A cloud shifts over the moon, and the forest grows darker. A sawing sound drifts from the trees, like cicadas only deeper and louder.
Nate pokes his head out. “
Do you feel that buzzing?”
“There’s a sound, but I don’t feel anything.”
Nate shakes his head. “My bones feel like magnets and something in the woods is yanking on them.”
All I feel is the hot stickiness of the trash bag against my sweaty skin. “Let’s just fill up the blasters and get going.”
Nate pushes himself up. “I’m gonna check it out.”
“What? No way! We need to stay together.” But Nate’s already marching down a path sprinkled with aqua fungi.
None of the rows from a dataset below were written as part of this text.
Theorem theorem2p1 (q : R) (n : nat) (s : R) :
  0 < q -> q < 1 -> (1 <= n)%nat -> 1 < s ->
  INR n * qzeta q (repeat s n) =
  sum_n_m (fun k =>
      (-1) ^ (k + 1) * qzeta q (repeat s (n - k)) *
      sum_n (fun j => Binomial.C (k - 1) j * (1 - q) ^ j
                      * qzeta q (INR k * s - INR j :: nil)) (k - 1))
    1 n.
Proof.
  intros Hq0 Hq1 Hn Hs. assert (Hq : 0 < q < 1) by lra.
  set (u := fun N => INR n * qzetaN q (repeat s n) N).
  assert (Hlhs : is_lim_seq u (INR n * qzeta q (repeat s n))).
  { apply is_lim_seq_mult'; [apply is_lim_seq_const | now apply qzeta_repeat_is_lim]. }
  assert (Hrhs : is_lim_seq u (sum_n_m (fun k =>
      (-1) ^ (k + 1) * qzeta q (repeat s (n - k)) *
      sum_n (fun j => Binomial.C (k - 1) j * (1 - q) ^ j
                      * qzeta q (INR k * s - INR j :: nil)) (k - 1)) 1 n)).
  { apply is_lim_seq_ext with (1 := fun N => eq_sym (qzetaN_newton q s n N Hq Hn)).
    apply is_lim_seq_sum_n_m. intros k Hk.
    apply is_lim_seq_mult'.
    - apply is_lim_seq_mult'; [apply is_lim_seq_const | now apply qzeta_repeat_is_lim].
    - apply is_lim_seq_sum_n_m. intros j Hj.
      apply is_lim_seq_mult'; [apply is_lim_seq_const |].
      apply (qzeta_repeat_is_lim q _ 1 Hq), shifted_weight_gt_1; lia || lra. }
  apply Rbar_finite_eq. now rewrite <- (is_lim_seq_unique _ _ Hlhs), (is_lim_seq_unique _ _ Hrhs).
Qed.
The trees quiver and there’s a whooshing sound like a jet taking off. “Nate? Is that you?”
The dazzling lights of the forest suddenly disappear. I’m in total darkness when I hear his voice.
“You’ve returned at last. Welcome.”
CHAPTER THIRTY
In the clearing up ahead, Nate stands stock-still. I jog after him. “Nate, come back!”
He doesn’t move.
Albert Eldridge steps into a sliver of moonlight. “I’m so glad you’ve decided to join us.”
I duck behind a clump of rotting tree limbs, pulse pounding.
Nate squeezes one fist. “I’m not joining anything. You’re a bad guy. A really, really bad guy.”
“Bad?” Albert slinks closer. “There is no good or bad. Only survival or extinction.”
I can’t decide between racing to Nate or sneaking back to the plane and filling up the first blaster. So I stay put, eyes darting from Nate to the plane.
“People have stalks growing out of their heads.” Nate shuffles backward, his rain boots bumping over gnarly brambles. “That’s not a positive thing, sir.”
Albert inhales and the leaves on the trees seem to draw closer to him. “You still don’t understand, but you will. The world needs our kind.”
“All right, well that’s just creepy. And, uh, news flash: You’re not a fungus. You’re a dude.”
“Since I met Ophio, everything has changed. Now I’m a host to something new. Working as one for the common good.”
“And what’s that? Turning everybody into a bunch of zombified mushroom people? ’Cause nobody wants any part of that. So why don’t you just haul your moldy rumpus out of here?”